Your assignment. Given the records below, would you repeat exactly the lines that begin at the one containing "RVar _ => 0" and end at the one containing "with coh_s : sterm", inclusive?
* * *
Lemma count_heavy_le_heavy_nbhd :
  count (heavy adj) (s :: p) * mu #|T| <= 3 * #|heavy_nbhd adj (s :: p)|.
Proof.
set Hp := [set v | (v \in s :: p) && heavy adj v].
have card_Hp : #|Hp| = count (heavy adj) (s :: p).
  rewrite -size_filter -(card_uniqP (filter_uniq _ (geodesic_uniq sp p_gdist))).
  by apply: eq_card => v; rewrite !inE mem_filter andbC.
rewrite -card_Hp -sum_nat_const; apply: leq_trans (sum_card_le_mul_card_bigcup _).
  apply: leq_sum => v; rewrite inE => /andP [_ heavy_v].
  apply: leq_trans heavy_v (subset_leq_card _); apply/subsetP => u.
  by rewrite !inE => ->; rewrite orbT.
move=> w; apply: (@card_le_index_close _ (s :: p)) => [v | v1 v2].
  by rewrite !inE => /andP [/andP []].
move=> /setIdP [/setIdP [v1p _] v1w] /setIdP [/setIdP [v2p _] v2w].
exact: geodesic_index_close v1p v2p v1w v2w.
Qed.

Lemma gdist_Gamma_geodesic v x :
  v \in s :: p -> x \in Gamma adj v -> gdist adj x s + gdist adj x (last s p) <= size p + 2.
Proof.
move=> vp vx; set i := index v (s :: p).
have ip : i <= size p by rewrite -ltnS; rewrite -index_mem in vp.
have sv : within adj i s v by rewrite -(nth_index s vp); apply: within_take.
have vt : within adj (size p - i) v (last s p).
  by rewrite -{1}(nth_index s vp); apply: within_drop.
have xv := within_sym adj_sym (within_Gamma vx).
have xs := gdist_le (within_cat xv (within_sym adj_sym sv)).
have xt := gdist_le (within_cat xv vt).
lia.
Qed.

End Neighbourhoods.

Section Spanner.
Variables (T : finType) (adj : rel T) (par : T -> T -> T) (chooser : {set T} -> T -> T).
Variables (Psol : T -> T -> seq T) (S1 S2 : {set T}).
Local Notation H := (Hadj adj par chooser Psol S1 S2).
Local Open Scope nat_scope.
* * *
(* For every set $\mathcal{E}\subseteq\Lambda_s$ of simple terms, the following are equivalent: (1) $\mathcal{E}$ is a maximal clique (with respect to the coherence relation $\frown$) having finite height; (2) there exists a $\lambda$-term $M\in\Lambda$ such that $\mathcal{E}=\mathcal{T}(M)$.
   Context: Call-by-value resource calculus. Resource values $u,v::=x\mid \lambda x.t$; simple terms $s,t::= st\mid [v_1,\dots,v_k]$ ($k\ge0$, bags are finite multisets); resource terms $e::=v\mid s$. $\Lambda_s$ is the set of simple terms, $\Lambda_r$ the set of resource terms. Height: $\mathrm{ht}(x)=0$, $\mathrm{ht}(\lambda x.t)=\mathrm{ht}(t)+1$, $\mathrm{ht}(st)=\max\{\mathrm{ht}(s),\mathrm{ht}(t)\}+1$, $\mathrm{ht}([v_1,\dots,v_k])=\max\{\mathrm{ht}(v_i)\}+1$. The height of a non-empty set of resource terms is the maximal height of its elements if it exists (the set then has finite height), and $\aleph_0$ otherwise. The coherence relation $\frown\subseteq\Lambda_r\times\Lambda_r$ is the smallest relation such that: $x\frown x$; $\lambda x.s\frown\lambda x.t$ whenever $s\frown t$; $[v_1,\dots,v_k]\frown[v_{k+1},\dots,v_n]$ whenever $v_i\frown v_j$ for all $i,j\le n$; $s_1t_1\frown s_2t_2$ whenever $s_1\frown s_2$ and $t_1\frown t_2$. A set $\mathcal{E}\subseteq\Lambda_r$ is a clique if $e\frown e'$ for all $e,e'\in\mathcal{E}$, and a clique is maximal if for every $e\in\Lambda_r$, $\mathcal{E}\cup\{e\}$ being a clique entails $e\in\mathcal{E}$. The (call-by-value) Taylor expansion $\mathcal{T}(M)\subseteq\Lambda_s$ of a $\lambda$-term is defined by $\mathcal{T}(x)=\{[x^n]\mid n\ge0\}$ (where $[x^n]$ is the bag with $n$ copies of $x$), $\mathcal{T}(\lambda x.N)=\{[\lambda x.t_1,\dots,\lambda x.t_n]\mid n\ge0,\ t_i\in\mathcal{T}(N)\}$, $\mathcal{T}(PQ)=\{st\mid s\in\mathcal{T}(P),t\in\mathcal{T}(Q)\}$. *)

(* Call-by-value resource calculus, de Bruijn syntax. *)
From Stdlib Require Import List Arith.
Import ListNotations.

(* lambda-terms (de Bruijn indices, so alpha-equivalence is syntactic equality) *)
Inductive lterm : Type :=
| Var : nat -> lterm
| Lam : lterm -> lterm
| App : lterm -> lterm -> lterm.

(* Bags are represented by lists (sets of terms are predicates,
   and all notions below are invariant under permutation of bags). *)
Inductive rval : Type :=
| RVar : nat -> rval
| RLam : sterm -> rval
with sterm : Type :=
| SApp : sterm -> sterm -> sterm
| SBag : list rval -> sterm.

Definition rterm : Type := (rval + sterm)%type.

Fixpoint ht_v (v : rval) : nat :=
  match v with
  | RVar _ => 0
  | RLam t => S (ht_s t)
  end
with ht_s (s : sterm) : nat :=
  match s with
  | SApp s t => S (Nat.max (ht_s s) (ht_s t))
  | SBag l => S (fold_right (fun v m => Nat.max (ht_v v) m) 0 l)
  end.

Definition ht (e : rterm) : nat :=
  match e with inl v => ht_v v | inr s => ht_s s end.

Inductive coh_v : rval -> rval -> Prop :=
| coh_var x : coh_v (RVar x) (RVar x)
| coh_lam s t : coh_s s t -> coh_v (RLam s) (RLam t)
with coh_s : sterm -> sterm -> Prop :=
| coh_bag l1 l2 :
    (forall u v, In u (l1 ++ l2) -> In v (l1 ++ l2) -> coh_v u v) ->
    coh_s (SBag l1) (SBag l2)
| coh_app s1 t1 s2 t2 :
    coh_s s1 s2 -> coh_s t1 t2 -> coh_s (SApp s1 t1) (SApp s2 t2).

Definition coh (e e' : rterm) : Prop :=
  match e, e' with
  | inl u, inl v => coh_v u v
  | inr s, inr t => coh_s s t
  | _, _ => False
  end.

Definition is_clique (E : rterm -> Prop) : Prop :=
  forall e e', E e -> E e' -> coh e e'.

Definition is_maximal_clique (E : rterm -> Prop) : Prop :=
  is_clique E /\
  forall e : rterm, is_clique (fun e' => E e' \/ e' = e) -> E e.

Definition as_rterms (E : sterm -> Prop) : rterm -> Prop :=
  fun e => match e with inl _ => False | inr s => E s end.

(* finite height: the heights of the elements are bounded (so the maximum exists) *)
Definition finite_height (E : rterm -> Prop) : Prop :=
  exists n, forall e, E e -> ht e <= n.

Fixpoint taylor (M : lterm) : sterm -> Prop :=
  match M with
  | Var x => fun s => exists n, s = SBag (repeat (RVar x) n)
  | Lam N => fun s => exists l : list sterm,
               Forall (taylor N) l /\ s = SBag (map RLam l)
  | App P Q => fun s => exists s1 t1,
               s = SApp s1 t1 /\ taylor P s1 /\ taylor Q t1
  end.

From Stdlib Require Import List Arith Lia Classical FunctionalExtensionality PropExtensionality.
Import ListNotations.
* * *
Response to the task.
  | RVar _ => 0
  | RLam t => S (ht_s t)
  end
with ht_s (s : sterm) : nat :=
  match s with
  | SApp s t => S (Nat.max (ht_s s) (ht_s t))
  | SBag l => S (fold_right (fun v m => Nat.max (ht_v v) m) 0 l)
  end.

Definition ht (e : rterm) : nat :=
  match e with inl v => ht_v v | inr s => ht_s s end.

Inductive coh_v : rval -> rval -> Prop :=
| coh_var x : coh_v (RVar x) (RVar x)
| coh_lam s t : coh_s s t -> coh_v (RLam s) (RLam t)
with coh_s : sterm -> sterm -> Prop :=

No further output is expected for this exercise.